This P, Guyot B
Service de chirurgie à orientation sénologique, institut Curie, Paris, France.
Gynecol Obstet Fertil. 2004 Jan;32(1):75-84. doi: 10.1016/j.gyobfe.2003.10.024.
Raloxifene is a second generation Selective Estrogen Receptor Modulator. It is indicated in prevention and treatment of post-menopausal osteoporosis. This drug has an estrogen agonistic effect on bone tissue, an estrogen-antagonistic effect in breast and endometrial tissue. It inhibits estrogen induced breast cells proliferation and, in animal studies, it prevents the growth of chemically induced mammary tumors. Raloxifene has a limited effectiveness in women with advanced breast cancers. The effects of raloxifene after treated breast cancer and sequential use of tamoxifene after raloxifene (or the contrary) are not known and should be tested in specific pre-clinical and clinical studies. In osteoporotic women included in the MORE trial, the risk reduction of hormone-dependent breast cancer due to raloxifene raises the issue of some effectiveness of raloxifene in breast cancer prevention. The STAR trial is currently comparing tamoxifene vs raloxifene in breast cancer prevention in women at increased risk of breast cancer. Like tamoxifene, raloxifene increases the risk of venous thrombo-embolic events. On the other hand, in a subgroup of women at increased vascular risk in the MORE trial, the reduction of cardiovascular events raises the issue of an effect of raloxifene in the prevention of coronary events. The ongoing RUTH trial is testing this assumption and it is comparing raloxifene to a placebo in women at increased vascular risk. Today, in clinical practice, before the results of ongoing trail, raloxifene should be used in the setting of osteoporosis prevention and treatment.
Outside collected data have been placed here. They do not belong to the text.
(* Let $f:(0,\infty)\to(0,\infty)$ be non-increasing such that $t\mapsto t^2f(t)$ is non-decreasing, let $a\ge0$, $c>0$, and define \[ F(r):=\int_0^\infty t^{-a}e^{-\frac{r^2}{c^2t}}f(t)\,dt,\qquad r>0. \] If $a\le1$, assume additionally that there exist constants $c'>0$, $\gamma'>1-a$ and $R\ge0$ such that $\frac{f(tx)}{f(t)}\le c'x^{-\gamma'}$ for all $t>R$ and $x\ge1$. Then \[ F(r)\asymp r^{-2a+2}f(r^2)\quad\text{for all } r>R_0, \] where $R_0:=\sqrt R$ if $a\le1$ and $R_0:=0$ if $a>1$.
   Context: $g(r)\asymp h(r)$ for $r\in I$ means that $g(r)/h(r)$ stays between two positive constants (independent of $r$) for all $r\in I$. *)

From Stdlib Require Import Reals.
Open Scope R_scope.

Definition improper_integral_0_inf (g : R -> R) (l : R) : Prop :=
  forall eps, 0 < eps ->
    exists d N, 0 < d /\
      forall x y, 0 < x -> x <= d -> N <= y -> x <= y ->
        exists pr : Riemann_integrable g x y, Rabs (RiemannInt pr - l) < eps.

Definition integrandA2 (f : R -> R) (a c r : R) (t : R) : R :=
  Rpower t (- a) * exp (- (r ^ 2) / (c ^ 2 * t)) * f t.

From Coquelicot Require Import Coquelicot.
From Stdlib Require Import Reals Lra ClassicalEpsilon Classical.
Open Scope R_scope.

(* The integrand is nonnegative and, as a continuous function times a
   nonincreasing one, Riemann integrable on compact subintervals of (0,oo);
   so F(r) exists once its partial integrals are bounded.  With s = r^2:
   - on [s,2s] the integrand is >= (2s)^(-a) exp(-1/c^2) f(s)/4, because
     t^2 f(t) is nondecreasing; this gives F(r) >= C1 s^(1-a) f(s);
   - on (0,s], u^m e^(-u) <= m^m (m = a+2, u = s/(c^2 t)) together with
     t^2 f(t) <= s^2 f(s) bounds the integrand by K s^(-a) f(s);
   - on [s,oo), a power tail t^(-a) f(t) <= A f(s) s^(b-a) t^(-b) with b > 1
     bounds the integral by A/(b-1) s^(1-a) f(s).  Such a tail holds with
     b = a if a > 1 (f nonincreasing), and with b = a + gamma' if a <= 1
     and s > R (decay hypothesis). *)

(* A function uniformly approximable on [a,b] by integrable functions is
   Riemann integrable: an e-approximation plus a step-function enclosure of
   the approximant gives a step-function enclosure of the function. *)
Lemma Riemann_integrable_uniform_limit (g : R -> R) a b : a <= b ->
  (forall e, 0 < e -> exists h, ex_RInt h a b /\
      forall t, a <= t <= b -> Rabs (g t - h t) <= e) ->
  Riemann_integrable g a b.
Proof.
  intros hab happrox eps.
  set (e := eps / (2 * (b - a + 1))).
  assert (he : 0 < e).
  { unfold e. apply Rdiv_lt_0_compat; [destruct eps; simpl; lra | lra]. }
  destruct (constructive_indefinite_description _ (happrox e he))
    as [h [hint hclose]].
  apply ex_RInt_Reals_0 in hint.
  assert (heps2 : 0 < eps / 2) by (destruct eps; simpl; lra).
  destruct (hint (mkposreal _ heps2)) as [phi [psi [hphi hpsi]]].
  exists phi, (mkStepFun (StepFun_P28 1 psi (mkStepFun (StepFun_P4 a b e)))).
  split.
  - intros t ht. simpl. unfold fct_cte.
    rewrite Rmin_left, Rmax_right in ht, hphi by lra.
    specialize (hphi t ht). specialize (hclose t ht).
    replace (g t - phi t) with ((g t - h t) + (h t - phi t)) by ring.
    eapply Rle_trans; [apply Rabs_triang | lra].
  - rewrite StepFun_P30. simpl in hpsi |- *. rewrite StepFun_P18.
    assert (e * (b - a) <= eps / 2).
    { apply Rle_trans with (e * (b - a + 1)).
      - apply Rmult_le_compat_l; lra.
      - unfold e. right; field. lra. }
    assert (0 <= e * (b - a)) by (apply Rmult_le_pos; lra).
    eapply Rle_lt_trans; [apply Rabs_triang |].
    rewrite Rmult_1_l, (Rabs_right (e * (b - a))) by lra. lra.
Qed.

Definition superlevel_indicator (h : R -> R) (c t : R) : R :=
  if Rle_dec c (h t) then 1 else 0.

(* For h nonincreasing on [x,y], {c <= h} is an initial segment of [x,y],
   whose endpoint p is a supremum; so u times the indicator is u on (x,p)
   and 0 on (p,y), and is integrable when u is continuous. *)
Lemma ex_RInt_mul_superlevel_indicator (u h : R -> R) x y c : x <= y ->
  (forall t, x <= t <= y -> continuous u t) ->
  (forall s t, x <= s -> s <= t -> t <= y -> h t <= h s) ->
  ex_RInt (fun t => u t * superlevel_indicator h c t) x y.
Proof.
  intros hxy hu hh. unfold superlevel_indicator.
  set (E := fun z => x <= z <= y /\ c <= h z).
  destruct (classic (exists t, E t)) as [[t0 Et0] | hempty].
  - assert (hbound : bound E) by (exists y; intros z [hz _]; lra).
    destruct (completeness E hbound (ex_intro _ t0 Et0)) as [p [hub hlub]].
    assert (hxp : x <= p) by (apply Rle_trans with t0; [apply Et0 | now apply hub]).
    assert (hpy : p <= y) by (apply hlub; intros z [hz _]; lra).
    apply ex_RInt_Chasles_0 with p; [lra | |].
    + apply ex_RInt_ext with u.
      * intros t ht. rewrite Rmin_left, Rmax_right in ht by lra.
        assert (hbeyond : exists z, E z /\ t < z).
        { apply NNPP. intros hno. assert (p <= t); [|lra].
          apply hlub. intros z Ez. destruct (Rle_lt_dec z t); auto.
          exfalso; eauto. }
        destruct hbeyond as [z [[hz hcz] htz]].
        destruct (Rle_dec c (h t)) as [_ | hlt]; [now rewrite Rmult_1_r |].
        exfalso. apply hlt, Rle_trans with (h z); [exact hcz | apply hh; lra].
      * apply (ex_RInt_continuous (V := R_CompleteNormedModule)).
        intros z hz. rewrite Rmin_left, Rmax_right in hz by lra. apply hu; lra.
    + apply ex_RInt_ext with (fun _ => 0); [| apply ex_RInt_const].
      intros t ht. rewrite Rmin_left, Rmax_right in ht by lra.
      destruct (Rle_dec c (h t)) as [hct | _]; [| now rewrite Rmult_0_r].
      assert (t <= p) by (apply hub; split; [lra | exact hct]). lra.
  - apply ex_RInt_ext with (fun _ => 0); [| apply ex_RInt_const].
    intros t ht. rewrite Rmin_left, Rmax_right in ht by lra.
    destruct (Rle_dec c (h t)) as [hct | _]; [| now rewrite Rmult_0_r].
    exfalso. apply hempty. exists t. split; [lra | exact hct].
Qed.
雷洛昔芬是第二代选择性雌激素受体调节剂。它用于预防和治疗绝经后骨质疏松症。这种药物对骨组织具有雌激素激动作用,对乳腺和子宫内膜组织具有雌激素拮抗作用。它可抑制雌激素诱导的乳腺细胞增殖,并且在动物研究中,它可预防化学诱导的乳腺肿瘤生长。雷洛昔芬对晚期乳腺癌女性的疗效有限。雷洛昔芬治疗乳腺癌后的效果以及雷洛昔芬后序贯使用他莫昔芬(或相反情况)的效果尚不清楚,应在特定的临床前和临床研究中进行测试。在MORE试验纳入的骨质疏松症女性中,雷洛昔芬降低激素依赖性乳腺癌风险这一情况引发了雷洛昔芬在预防乳腺癌方面具有一定疗效的问题。STAR试验目前正在比较他莫昔芬与雷洛昔芬在乳腺癌高危女性预防乳腺癌方面的效果。与他莫昔芬一样,雷洛昔芬会增加静脉血栓栓塞事件的风险。另一方面,在MORE试验中血管风险增加的女性亚组中,心血管事件的减少引发了雷洛昔芬在预防冠状动脉事件方面是否有效的问题。正在进行的RUTH试验正在验证这一假设,并且正在将雷洛昔芬与血管风险增加的女性中的安慰剂进行比较。如今,在临床实践中,在正在进行的试验结果出来之前,雷洛昔芬应用于骨质疏松症的预防和治疗。